Let's allocate the device memory information and setup the device
memory address space. Expose the maximum ramsize via diag260. The RAM
size returned via SCLP is not modified. Guest OSs which support
virtio-mem are expected to consult diag260.

Signed-off-by: David Hildenbrand <david@redhat.com>
---
 hw/s390x/s390-virtio-ccw.c         | 43 ++++++++++++++++++++++++++++++
 hw/s390x/sclp.c                    |  3 ++-
 include/hw/s390x/s390-virtio-ccw.h |  3 +++
 target/s390x/diag.c                | 10 +++++--
 4 files changed, 56 insertions(+), 3 deletions(-)

diff --git a/hw/s390x/s390-virtio-ccw.c b/hw/s390x/s390-virtio-ccw.c
index 2e6d292c23..577590e623 100644
--- a/hw/s390x/s390-virtio-ccw.c
+++ b/hw/s390x/s390-virtio-ccw.c
@@ -160,6 +160,35 @@ static void virtio_ccw_register_hcalls(void)

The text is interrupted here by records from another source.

(* Let $0<\delta\le 1$. The mechanism $\mathcal{SA}_\delta$ admits a pure Nash equilibrium for every collection $A$, it is anonymous, and it is $\delta$-Pareto efficient in all equilibria, i.e., for every collection $A$ every pure Nash equilibrium outcome $x$ of $\Gamma_{\mathcal{SA}_\delta}(A)$ is $\delta$-Pareto efficient.
   Context: Two players bargain over a collection (multiset) of $n$ alternatives $A=(a^k)_{k\in[n]}$, $a^k\in[0,1]^2$, $a^k_i$ being player $i$'s utility. A mechanism is a sequence $(M_n)_n$, $M_n$ consisting of signal sets $\Sigma_1(n),\Sigma_2(n)$ and a map $f_n:\Sigma_1(n)\times\Sigma_2(n)\to\Delta([n])$; with risk-neutral players it induces a game $\Gamma_M(A)$ whose payoffs are expected utilities, and the outcome of a profile is its expected utility vector. A mechanism is anonymous if $\Sigma_1(n)=\Sigma_2(n)$ and $f_n(\sigma_1,\sigma_2)=f_n(\sigma_2,\sigma_1)$ for all $n,\sigma_1,\sigma_2$. The mechanism $\mathcal{SA}_\delta$: each player submits $L_i\subseteq[n]$; the index is drawn from $UN([n])$ if $L_1=L_2=\emptyset$; from $UN(L_1\cup L_2)$ if $L_1\cap L_2=\emptyset\ne L_1\cup L_2$; and from $(1-\delta)UN(L_1\cap L_2)+\delta\,UN(L_1\cup L_2)$ if $L_1\cap L_2\ne\emptyset$ ($UN$ = uniform distribution). An allocation $x\in[0,1]^2$ is $\varepsilon$-Pareto efficient (w.r.t. $A$) if there is no $a\in A$ with $a_1>x_1+\varepsilon$ and $a_2>x_2+\varepsilon$. *)

From HB Require Import structures.
From mathcomp Require Import all_boot all_order all_algebra.
From mathcomp Require Import reals.
Set Implicit Arguments. Unset Strict Implicit. Unset Printing Implicit Defensive.
Import Order.TTheory GRing.Theory Num.Theory.
Local Open Scope ring_scope.

Section Defs.
Variable R : realType.

(* An alternative a^k in [0,1]^2 ; a collection of n alternatives is
   A : 'I_n -> R * R (a multiset, indexed by [n] = 'I_n). *)
Definition collection_ok n (A : 'I_n -> R * R) : Prop :=
  forall k, 0 <= (A k).1 <= 1 /\ 0 <= (A k).2 <= 1.

(* A mechanism: for each n, signal sets Sigma_1(n), Sigma_2(n) and
   f_n : Sigma_1(n) * Sigma_2(n) -> Delta([n]) (a distribution is given by
   its probability weights 'I_n -> R). *)
Record mechanism := Mechanism {
  sig1 : nat -> Type;
  sig2 : nat -> Type;
  mech : forall n, sig1 n -> sig2 n -> 'I_n -> R }.

(* Anonymity: Sigma_1(n) = Sigma_2(n) and f_n symmetric. *)
Definition anonymous (M : mechanism) : Prop :=
  exists e : forall n, sig1 M n = sig2 M n,
    forall n (s t : sig1 M n),
      let c := fun x : sig1 M n => eq_rect (sig1 M n) (fun T => T) x (sig2 M n) (e n) in
      mech s (c t) = mech t (c s).

Definition payoff1 (M : mechanism) n (A : 'I_n -> R * R)
  (s1 : sig1 M n) (s2 : sig2 M n) : R :=
  \sum_(k < n) mech s1 s2 k * (A k).1.
Definition payoff2 (M : mechanism) n (A : 'I_n -> R * R)
  (s1 : sig1 M n) (s2 : sig2 M n) : R :=
  \sum_(k < n) mech s1 s2 k * (A k).2.

Definition outcome (M : mechanism) n (A : 'I_n -> R * R)
  (s1 : sig1 M n) (s2 : sig2 M n) : R * R :=
  (payoff1 A s1 s2, payoff2 A s1 s2).

Definition pure_NE (M : mechanism) n (A : 'I_n -> R * R)
  (s1 : sig1 M n) (s2 : sig2 M n) : Prop :=
  (forall s1' : sig1 M n, payoff1 A s1' s2 <= payoff1 A s1 s2) /\
  (forall s2' : sig2 M n, payoff2 A s1 s2' <= payoff2 A s1 s2).

Definition eps_pareto (eps : R) n (A : 'I_n -> R * R) (x : R * R) : Prop :=
  ~ exists k : 'I_n, x.1 + eps < (A k).1 /\ x.2 + eps < (A k).2.

Definition UN n (S : {set 'I_n}) (k : 'I_n) : R :=
  if k \in S then (#|S|%:R)^-1 else 0.

Definition SA_f (delta : R) n (L1 L2 : {set 'I_n}) (k : 'I_n) : R :=
  if (L1 == set0) && (L2 == set0) then UN [set: 'I_n] k
  else if L1 :&: L2 == set0 then UN (L1 :|: L2) k
  else (1 - delta) * UN (L1 :&: L2) k + delta * UN (L1 :|: L2) k.

Definition SA (delta : R) : mechanism :=
  @Mechanism (fun n => {set 'I_n}) (fun n => {set 'I_n}) (@SA_f delta).

End Defs.

(* Efficiency: suppose an alternative k gives each player more than delta above
   her equilibrium payoff.  Proposing {k} gives player 1 the value f k if
   L2 = set0 and at least f k - delta if k \in L2, so L2 != set0 and k \notin L2.
   Proposing L1 :\: L2 gives her avg (L1 :|: L2), so this average is below f k;
   hence if k \notin L1, adding k to L1 strictly raises the average over the
   union without changing the intersection.  Thus k \in L1 :\: L2, and
   symmetrically k \in L2 :\: L1.

   Existence: take U minimal nonempty such that no alternative outside U beats
   the U-average of either player; by minimality each element of U is at least
   average for some player.  Player 1 proposes the elements of U she rates at
   least average, player 2 the others, and both add the element of U that is
   above average for both players and best for player 2, if there is one.
   Against such a proposal M, any L gives avg (L :|: M) <= avg U and an
   intersection inside M, which bounds every deviation by the current payoff. *)

From mathcomp Require Import all_boot all_order all_algebra reals.
From mathcomp Require Import lra.
Import Order.TTheory GRing.Theory Num.Theory.
Local Open Scope ring_scope.
Set Implicit Arguments. Unset Strict Implicit.

Section Average.
Variables (T : finType) (R : realFieldType).
Implicit Types (S U : {set T}) (f : T -> R).

Definition avg S f : R := (\sum_(j in S) f j) / #|S|%:R.

Lemma card_gt0R S : S != set0 -> 0 < #|S|%:R :> R.
Proof. by move=> S0; rewrite ltr0n card_gt0. Qed.

Lemma sum_avg S f : S != set0 -> \sum_(j in S) f j = avg S f * #|S|%:R.
Proof. by move=> S0; rewrite /avg mulfVK // gt_eqF ?card_gt0R. Qed.

Lemma avg_set1 k f : avg [set k] f = f k.
Proof. by rewrite /avg big_set1 cards1 divr1. Qed.

Lemma avg_ge0 S f : (forall j, 0 <= f j) -> 0 <= avg S f.
Proof. by move=> f0; rewrite divr_ge0 ?sumr_ge0. Qed.

Lemma avg_le S f m : S != set0 -> {in S, forall j, f j <= m} -> avg S f <= m.
Proof.
move=> S0 fm; rewrite ler_pdivrMr ?card_gt0R //.
by apply: le_trans (ler_sum _ fm) _; rewrite sumr_const mulr_natr.
Qed.

Lemma avg_lt S f m : S != set0 -> {in S, forall j, f j < m} -> avg S f < m.
Proof.
move=> S0 fm; rewrite ltr_pdivrMr ?card_gt0R //.
have [j jS] := set0Pn _ S0.
apply: lt_le_trans (ltr_sum _ fm) _; last by rewrite sumr_const mulr_natr.
by apply/hasP; exists j; rewrite ?mem_index_enum.
Qed.

Lemma avg_setU1 k S f : k \notin S -> S != set0 ->
  avg (k |: S) f * (#|S|%:R + 1) = f k + avg S f * #|S|%:R.
Proof.
move=> kS S0; have kS0 : k |: S != set0 by apply/set0Pn; exists k; rewrite setU11.
have -> : #|S|%:R + 1 = #|k |: S|%:R :> R by rewrite cardsU1 kS natrD addrC.
by rewrite -!sum_avg // big_setU1.
Qed.

Lemma avg_setU1_gt k S f : k \notin S -> S != set0 ->
  avg S f < f k -> avg S f < avg (k |: S) f.
Proof.
move=> kS S0 ltSk; have := avg_setU1 f kS S0; have := card_gt0R S0; nra.
Qed.

Lemma avg_setD1_gt u U f : u \in U -> U :\ u != set0 ->
  f u < avg U f -> avg U f < avg (U :\ u) f.
Proof.
move=> uU U0; have uU' : u \notin U :\ u by rewrite setD11.
have := avg_setU1 f uU' U0; rewrite setD1K //.
have := card_gt0R U0; nra.
Qed.

Lemma avg_le_avg S U f : S != set0 -> U != set0 ->
  {in S :\: U, forall j, f j <= avg U f} ->
  {in U :\: S, forall j, avg U f <= f j} ->
  avg S f <= avg U f.
Proof.
move=> S0 U0 fSU fUS; set t := avg U f.
have sumU : \sum_(j in U) (f j - t) = 0.
  by rewrite sumrB sumr_const -mulr_natr -sum_avg // subrr.
suff : \sum_(j in S) (f j - t) <= 0.
  by rewrite sumrB sumr_const -mulr_natr subr_le0 -ler_pdivrMr ?card_gt0R.
rewrite -[X in X <= _]subr0 -[X in _ - X]sumU !(big_mkcond (fun j => j \in _)) -sumrB /=.
apply: sumr_le0 => j _; case: (boolP (j \in S)) => jS; case: (boolP (j \in U)) => jU.
- by rewrite subrr.
- by rewrite subr0 subr_le0 fSU // inE jS jU.
- by rewrite sub0r oppr_le0 subr_ge0 fUS // inE jS jU.
- by rewrite subrr.
Qed.

End Average.

Lemma sum_UN (R : realType) n (S : {set 'I_n}) (f : 'I_n -> R) :
  \sum_k UN R S k * f k = avg S f.
Proof.
rewrite /avg /UN mulr_suml [RHS]big_mkcond /=; apply: eq_bigr => k _.
by case: (k \in S); rewrite ?mul0r // mulrC.
Qed.

Section Payoff.
Variables (R : realType) (delta : R) (n : nat).
Implicit Types (L M U : {set 'I_n}) (f : 'I_n -> R).

Definition pay L M f : R := \sum_k SA_f delta L M k * f k.

Definition best_response f L M : Prop :=
  forall L', pay L' M f <= pay L M f.

Lemma SA_fC L M : SA_f delta L M = SA_f delta M L.
Proof. by rewrite /SA_f setIC setUC andbC. Qed.

Lemma payC L M f : pay L M f = pay M L f.
Proof. by rewrite /pay SA_fC. Qed.

Lemma payE L M f : pay L M f =
  if (L == set0) && (M == set0) then avg [set: 'I_n] f
  else if L :&: M == set0 then avg (L :|: M) f
  else (1 - delta) * avg (L :&: M) f + delta * avg (L :|: M) f.
Proof.
rewrite /pay /SA_f; case: ifP => _; first exact: sum_UN.
case: ifP => _; first exact: sum_UN.
under eq_bigr => k _ do rewrite mulrDl -!mulrA.
by rewrite big_split -!mulr_sumr !sum_UN.
Qed.

Lemma pay_nonempty L M f : M != set0 -> pay L M f =
  if L :&: M == set0 then avg (L :|: M) f
  else (1 - delta) * avg (L :&: M) f + delta * avg (L :|: M) f.
Proof. by move=> Mn; rewrite payE (negbTE Mn) andbF. Qed.

Lemma set1_neq0 (k : 'I_n) : [set k] != set0.
Proof. by apply/set0Pn; exists k; rewrite set11. Qed.

Lemma pay_set1_set0 k f : pay [set k] set0 f = f k.
Proof. by rewrite payE (negbTE (set1_neq0 k)) setI0 eqxx setU0 avg_set1. Qed.

Lemma pay_setD L M f : M != set0 -> pay (L :\: M) M f = avg (L :|: M) f.
Proof.
move=> Mn; rewrite pay_nonempty //.
have -> : (L :\: M) :&: M = set0.
  by apply/setP => j; rewrite !inE; case: (j \in M); rewrite ?andbF.
by rewrite eqxx setDE setUIl [~: M :|: M]setUC setUCr setIT.
Qed.

Lemma pay_setI1 c L M f : L :&: M = [set c] ->
  pay L M f = (1 - delta) * f c + delta * avg (L :|: M) f.
Proof.
move=> LMc; have Mn : M != set0.
  by apply/set0Pn; exists c; move/setP: LMc => /(_ c); rewrite !inE eqxx => /andP[].
by rewrite pay_nonempty // LMc (negbTE (set1_neq0 c)) avg_set1.
Qed.

Hypothesis delta_gt0 : 0 < delta.

Lemma pay_set1_mem k M f : (forall j, 0 <= f j <= 1) -> k \in M ->
  f k - delta <= pay [set k] M f.
Proof.
move=> f01 kM; have Mn : M != set0 by apply/set0Pn; exists k.
rewrite pay_nonempty //.
have -> : [set k] :&: M = [set k] by apply/setIidPl; rewrite sub1set.
rewrite (negbTE (set1_neq0 k)) avg_set1.
have f0 j : 0 <= f j by case/andP: (f01 j).
have := avg_ge0 ([set k] :|: M) f0; have /andP[_ fk1] := f01 k.
have := delta_gt0; nra.
Qed.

                                    virtio_ccw_hcall_early_printk);
 }
 
+static void s390_device_memory_init(MachineState *machine)
+{
+    MemoryRegion *sysmem = get_system_memory();
+
+    machine->device_memory = g_malloc0(sizeof(*machine->device_memory));
+
+    /* initialize device memory address space */
+    if (machine->ram_size < machine->maxram_size) {
+        ram_addr_t device_mem_size = machine->maxram_size - machine->ram_size;
+
+        if (QEMU_ALIGN_UP(machine->maxram_size, MiB) != machine->maxram_size) {
+            error_report("maximum memory size must by aligned to 1 MB");
+            exit(EXIT_FAILURE);
+        }
+
+        machine->device_memory->base = machine->ram_size;
+        if (machine->device_memory->base + device_mem_size < device_mem_size) {
+            error_report("unsupported amount of maximum memory: " RAM_ADDR_FMT,
+                         machine->maxram_size);
+            exit(EXIT_FAILURE);
+        }
+
+        memory_region_init(&machine->device_memory->mr, OBJECT(machine),
+                           "device-memory", device_mem_size);
+        memory_region_add_subregion(sysmem, machine->device_memory->base,
+                                    &machine->device_memory->mr);
+    }
+}
+
 static void s390_memory_init(MachineState *machine)
 {
     MemoryRegion *sysmem = get_system_memory();
@@ -194,6 +223,11 @@ static void s390_memory_init(MachineState *machine)
     s390_skeys_init();
     /* Initialize storage attributes device */
     s390_stattrib_init();
+
+    /* Support for memory devices is glued to compat machines. */
+    if (memory_devices_allowed()) {
+        s390_device_memory_init(machine);
+    }
 }
 
 static void s390_init_ipl_dev(const char *kernel_filename,
@@ -617,6 +651,7 @@ static void ccw_machine_class_init(ObjectClass *oc, void *data)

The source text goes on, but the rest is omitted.